So if you’ve slipped up, don’t be so hard on yourself - January is a hard month to get through! Here’s how to get back on the wagon should you have fallen off for five of the most common New Year’s resolutions.

1. To eat more healthily

Health, beauty and nutrition consultant Karen Cummings-Palmer  says: It's easy to fall off the healthy living wagon when the days are cold and short. I say, forget about the wagon, it's an unreliable vehicle - instead take small tangible steps to change the habits of a lifetime for a lifetime.

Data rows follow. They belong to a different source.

(* For every nonnegative integer $n$, $$\sum_{k=0}^{\infty}(-1)^k(4k+1)\,\frac{(-n)_k^2\,(\tfrac12)_k}{k!\,(n+\tfrac32)_k^2}=\left(\frac14\right)^n\frac{(\tfrac32)_n^2}{(\tfrac54)_n(\tfrac34)_n}.$$ (The sum is finite, since $(-n)_k=0$ for $k>n$.)
   Context: $(a)_j=\Gamma(a+j)/\Gamma(a)=a(a+1)\cdots(a+j-1)$ denotes the rising factorial (Pochhammer symbol), with $(a)_0=1$. *)

From HB Require Import structures.
From mathcomp Require Import all_boot all_order all_algebra.
Set Implicit Arguments. Unset Strict Implicit. Unset Printing Implicit Defensive.
Import Order.TTheory GRing.Theory Num.Theory.
Local Open Scope ring_scope.

Definition poch {R : pzRingType} (a : R) (j : nat) : R :=
  \prod_(i < j) (a + i%:R).

From HB Require Import structures.
From mathcomp Require Import all_boot all_order all_algebra.
From mathcomp Require Import ring lra.
Import Order.TTheory GRing.Theory Num.Theory.
Local Open Scope ring_scope.

(* Proof by creative telescoping (Zeilberger's method).  Write
     F n k = (-1)^k (4k+1) (-n)_k^2 (1/2)_k / (k! (n+3/2)_k^2)
   for the summand ('term') and S n = (1/4)^n (3/2)_n^2 / ((5/4)_n (3/4)_n)
   for the right-hand side ('closed_form').  With the ratio
   c n = S (n+1) / S n ('ratio') and an explicit rational certificate
   G n k ('cert', with G n 0 = 0 and G n (n+2) = 0) one has
     F (n+1) k = c n * F n k + (G n (k+1) - G n k),
   a rational-function identity checked by 'field' after expressing every
   Pochhammer symbol through those with index k-1.  Summing over k <= n+1
   and telescoping shows that \sum_(k <= n) F n k satisfies the same
   first-order recurrence as S n, with the same initial value, so the two
   agree; terms with k > n vanish since (-n)_k = 0.  The identity holds in
   every real field; the theorem is its instance over the rationals. *)

Lemma poch0 {R : pzRingType} (a : R) : poch a 0 = 1.
Proof. by rewrite /poch big_ord0. Qed.

Lemma pochS {R : pzRingType} (a : R) (j : nat) : poch a j.+1 = poch a j * (a + j%:R).
Proof. by rewrite /poch big_ord_recr. Qed.

Lemma pochSl {R : pzRingType} (a : R) (j : nat) : poch a j.+1 = a * poch (a + 1) j.
Proof.
rewrite /poch big_ord_recl /= addr0; congr (_ * _).
by apply: eq_bigr => i _; rewrite mulrS addrA.
Qed.

(* (-n)_k = 0 as soon as k > n: the factor with index n is -n + n = 0. *)
Lemma poch_neg_nat {R : pzRingType} (n k : nat) : (n < k)%N -> poch (- n%:R : R) k = 0.
Proof.
elim: k => [|k IHk] //; rewrite ltnS leq_eqVlt => /predU1P[<- | ltnk].
  by rewrite pochS addNr mulr0.
by rewrite pochS IHk // mul0r.
Qed.

Lemma poch_gt0 {R : numDomainType} (a : R) (j : nat) : 0 < a -> 0 < poch a j.
Proof. by move=> a_gt0; apply: prodr_gt0 => i _; apply: ltr_wpDr. Qed.

Section CreativeTelescoping.
Variable R : realFieldType.

Definition term (n k : nat) : R :=
  (-1) ^+ k * (4 * k%:R + 1) *
  (poch (- n%:R) k ^+ 2 * poch (1 / 2) k / (k`!%:R * poch (n%:R + 3 / 2) k ^+ 2)).

Definition closed_form (n : nat) : R :=
  (1 / 4) ^+ n * (poch (3 / 2) n ^+ 2 / (poch (5 / 4) n * poch (3 / 4) n)).

(* The ratio closed_form (n+1) / closed_form n. *)
Definition ratio (n : nat) : R :=
  (2 * n%:R + 3) ^+ 2 / ((4 * n%:R + 5) * (4 * n%:R + 3)).

Definition cert (n k : nat) : R :=
  if k is j.+1 then
    ratio n * ((-1) ^+ k * poch (- n%:R) j ^+ 2 * poch (1 / 2) k *
               (2 * k%:R ^+ 2 - k%:R - 2 * (n%:R + 1) * (3 * n%:R + 2)) /
               (j`!%:R * poch (n%:R + 3 / 2) k ^+ 2))
  else 0.

Lemma term_vanish (n k : nat) : (n < k)%N -> term n k = 0.
Proof. by move=> ltnk; rewrite /term poch_neg_nat // expr0n /= !mul0r mulr0. Qed.

Lemma cert_vanish (n : nat) : cert n n.+2 = 0.
Proof. by rewrite /cert poch_neg_nat // expr0n /= !mulr0 !mul0r mulr0. Qed.

Lemma closed_formS (n : nat) : closed_form n.+1 = ratio n * closed_form n.
Proof.
rewrite /closed_form /ratio !pochS exprS.
have := ler0n R n => n_ge0.
have P5_gt0 : 0 < poch (5 / 4 : R) n by apply: poch_gt0; lra.
have P3_gt0 : 0 < poch (3 / 4 : R) n by apply: poch_gt0; lra.
by field; rewrite !(mulf_neq0, lt0r_neq0) //; lra.
Qed.

(* For
   k = j+1 the Pochhammer symbols with parameter n+1 are first rewritten
   through those with parameter n, then all symbols are expanded down to
   index j and abstracted, leaving an identity of rational functions. *)
Lemma term_rec (n k : nat) :
  term n.+1 k = ratio n * term n k + (cert n k.+1 - cert n k).
Proof.
have := ler0n R n => n_ge0.
case: k => [|j].
  rewrite /term /cert /ratio !pochS !poch0 fact0.
  by field; rewrite !(mulf_neq0, lt0r_neq0) //; lra.
have := ler0n R j => j_ge0.
have shift_neg : poch (- n.+1%:R : R) j.+1 = - n.+1%:R * poch (- n%:R) j.
  by rewrite pochSl; congr (_ * poch _ _); ring.
have shift_pos : poch (n.+1%:R + 3 / 2 : R) j.+1 =
                 poch (n%:R + 3 / 2) j.+2 / (n%:R + 3 / 2).
  rewrite (pochSl _ j.+1) mulrAC divff ?mul1r; last by apply: lt0r_neq0; lra.
  by congr poch; ring.
have P_gt0 : 0 < poch (n%:R + 3 / 2 : R) j by apply: poch_gt0; lra.
have F_gt0 : 0 < j`!%:R :> R by rewrite ltr0n fact_gt0.
rewrite /term /cert shift_neg shift_pos !pochS !factS !natrM /ratio !(exprS (-1)).
move: ((-1) ^+ j : R) (poch (- n%:R) j) (poch (1 / 2) j) P_gt0 F_gt0.
move: (poch (n%:R + 3 / 2) j) (j`!%:R : R) => P F P_gt0 F_gt0 sgn A H.
by field; rewrite !(mulf_neq0, lt0r_neq0) //; lra.
Qed.

Lemma sum_term (n : nat) : \sum_(k < n.+1) term n k = closed_form n.
Proof.
elim: n => [|n IHn].
  rewrite big_ord_recr big_ord0 /term /closed_form /= !poch0 fact0.
  by field.
under eq_bigr do rewrite term_rec.
rewrite big_split /= -mulr_sumr big_ord_recr /= term_vanish // addr0 IHn.
rewrite -(big_mkord xpredT (fun k => cert n k.+1 - cert n k)) telescope_sumr //.
by rewrite cert_vanish /= subrr addr0 closed_formS.
Qed.

End CreativeTelescoping.

Theorem theorem1 (n m : nat) (hm : (n < m)%N) :
  \sum_(k < m)
      ((-1) ^+ k * (4 * k%:R + 1) *
       (poch (- n%:R) k ^+ 2 * poch (1 / 2) k /
        (k`!%:R * poch (n%:R + 3 / 2) k ^+ 2)) : rat)
  = (1 / 4) ^+ n * (poch (3 / 2) n ^+ 2 / (poch (5 / 4) n * poch (3 / 4) n)).
Proof.
rewrite -(subnKC hm) big_split_ord /= [X in _ + X]big1 ?addr0.
  exact: (sum_term rat n).
by move=> i _; apply: term_vanish; rewrite /= leq_addr.
Qed.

You don't need to achieve the perfect body this month, you need to achieve your perfect body and maintain it this year. Stop thinking of food as friend or foe, instead think of it as delicious nutrition - it will help you make choices that support you. Notice how your body feels when you drink enough water, eat plenty of green living foods and avoid refined carbohydrates and processed foods. Re-define comfort - feeling vital and energised, having a clear glowing complexion and sleeping well is so much sweeter than sugar!

2. To leave work on time

Executive and Career Coach Anna Percy-Davis  says: If you are finding this resolution starting to slip, you need to step back and really look at why you have such a resolution. A few things to consider:

- Be more specific - what are you leaving work on time to do? If it is a vague sense that you want a better work/life balance, then that can easily slip away. But if you are leaving work to go to the gym/do homework with your children/spend time with friends you never get round to seeing, then you are creating a stronger reason to leave.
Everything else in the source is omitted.